Reading the records below, count the lines in which the string "Lemma" appears; write the number only.
<<<<
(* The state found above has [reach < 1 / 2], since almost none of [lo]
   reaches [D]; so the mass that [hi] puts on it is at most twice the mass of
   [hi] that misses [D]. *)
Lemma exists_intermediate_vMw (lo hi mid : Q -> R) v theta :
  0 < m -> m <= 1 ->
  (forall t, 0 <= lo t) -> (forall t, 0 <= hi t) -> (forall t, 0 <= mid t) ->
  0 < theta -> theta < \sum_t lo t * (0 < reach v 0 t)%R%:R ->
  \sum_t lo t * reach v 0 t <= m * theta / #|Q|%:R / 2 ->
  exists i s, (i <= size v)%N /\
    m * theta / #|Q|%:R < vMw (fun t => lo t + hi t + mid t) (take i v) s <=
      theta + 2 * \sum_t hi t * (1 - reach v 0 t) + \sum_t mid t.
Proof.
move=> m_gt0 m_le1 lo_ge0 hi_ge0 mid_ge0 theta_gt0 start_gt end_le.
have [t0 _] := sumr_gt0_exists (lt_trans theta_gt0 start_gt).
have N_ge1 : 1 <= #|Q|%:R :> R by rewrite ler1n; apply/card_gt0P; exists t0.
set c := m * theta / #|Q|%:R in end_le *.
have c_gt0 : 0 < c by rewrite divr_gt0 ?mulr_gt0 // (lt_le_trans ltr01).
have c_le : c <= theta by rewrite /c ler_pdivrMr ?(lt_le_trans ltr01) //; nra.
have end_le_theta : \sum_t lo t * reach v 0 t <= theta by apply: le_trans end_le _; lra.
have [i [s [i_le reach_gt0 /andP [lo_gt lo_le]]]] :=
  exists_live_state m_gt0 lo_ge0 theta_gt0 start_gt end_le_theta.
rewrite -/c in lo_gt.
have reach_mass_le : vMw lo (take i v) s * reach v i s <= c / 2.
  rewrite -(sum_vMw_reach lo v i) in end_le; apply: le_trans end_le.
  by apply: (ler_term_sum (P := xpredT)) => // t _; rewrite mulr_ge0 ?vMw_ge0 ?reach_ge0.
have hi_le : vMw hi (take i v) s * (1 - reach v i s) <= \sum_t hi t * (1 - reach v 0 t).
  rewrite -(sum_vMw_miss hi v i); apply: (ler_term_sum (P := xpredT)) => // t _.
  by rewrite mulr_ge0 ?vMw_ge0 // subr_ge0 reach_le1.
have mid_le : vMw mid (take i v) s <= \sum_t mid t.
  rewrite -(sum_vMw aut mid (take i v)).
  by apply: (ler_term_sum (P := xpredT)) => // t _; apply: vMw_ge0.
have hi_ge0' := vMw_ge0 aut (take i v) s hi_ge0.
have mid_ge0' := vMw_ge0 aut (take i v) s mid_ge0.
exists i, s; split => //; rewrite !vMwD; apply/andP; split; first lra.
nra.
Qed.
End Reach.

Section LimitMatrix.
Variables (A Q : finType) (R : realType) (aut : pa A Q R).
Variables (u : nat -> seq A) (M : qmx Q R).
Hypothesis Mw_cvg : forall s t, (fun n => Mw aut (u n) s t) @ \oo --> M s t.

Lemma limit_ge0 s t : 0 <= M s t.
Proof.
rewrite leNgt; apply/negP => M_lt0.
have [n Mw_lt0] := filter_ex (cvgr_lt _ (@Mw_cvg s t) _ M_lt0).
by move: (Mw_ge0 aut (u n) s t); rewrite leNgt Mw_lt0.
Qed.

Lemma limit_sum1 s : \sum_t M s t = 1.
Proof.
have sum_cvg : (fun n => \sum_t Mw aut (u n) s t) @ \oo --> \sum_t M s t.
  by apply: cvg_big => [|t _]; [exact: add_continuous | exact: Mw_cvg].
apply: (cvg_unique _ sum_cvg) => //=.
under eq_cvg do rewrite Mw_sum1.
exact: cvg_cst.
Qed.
>>>>
<<<<
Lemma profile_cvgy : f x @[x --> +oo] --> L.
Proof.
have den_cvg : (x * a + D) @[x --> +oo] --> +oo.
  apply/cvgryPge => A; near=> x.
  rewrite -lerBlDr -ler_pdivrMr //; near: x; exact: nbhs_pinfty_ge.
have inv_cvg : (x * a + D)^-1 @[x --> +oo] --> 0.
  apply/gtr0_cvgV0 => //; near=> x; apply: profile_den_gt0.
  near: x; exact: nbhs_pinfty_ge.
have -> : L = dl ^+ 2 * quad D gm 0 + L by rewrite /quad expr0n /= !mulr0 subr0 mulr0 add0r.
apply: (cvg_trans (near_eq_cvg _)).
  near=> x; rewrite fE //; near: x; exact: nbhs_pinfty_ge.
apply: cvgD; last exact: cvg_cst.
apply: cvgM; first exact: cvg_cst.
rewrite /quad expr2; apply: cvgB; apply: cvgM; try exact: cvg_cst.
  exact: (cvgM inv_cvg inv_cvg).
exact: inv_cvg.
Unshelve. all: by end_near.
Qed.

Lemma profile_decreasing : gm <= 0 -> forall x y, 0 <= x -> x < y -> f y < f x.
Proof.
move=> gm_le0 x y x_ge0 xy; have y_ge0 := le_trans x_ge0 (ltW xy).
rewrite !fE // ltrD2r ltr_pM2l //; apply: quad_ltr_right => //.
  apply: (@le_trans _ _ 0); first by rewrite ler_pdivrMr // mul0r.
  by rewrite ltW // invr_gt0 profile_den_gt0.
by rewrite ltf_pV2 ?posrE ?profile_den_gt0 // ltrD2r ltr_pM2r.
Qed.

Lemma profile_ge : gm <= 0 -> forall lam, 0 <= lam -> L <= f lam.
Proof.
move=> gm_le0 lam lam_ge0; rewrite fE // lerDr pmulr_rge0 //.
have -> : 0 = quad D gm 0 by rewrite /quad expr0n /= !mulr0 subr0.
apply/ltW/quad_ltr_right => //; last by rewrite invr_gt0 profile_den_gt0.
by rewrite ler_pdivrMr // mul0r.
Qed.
>>>>
SOLUTION TO THIS TASK
6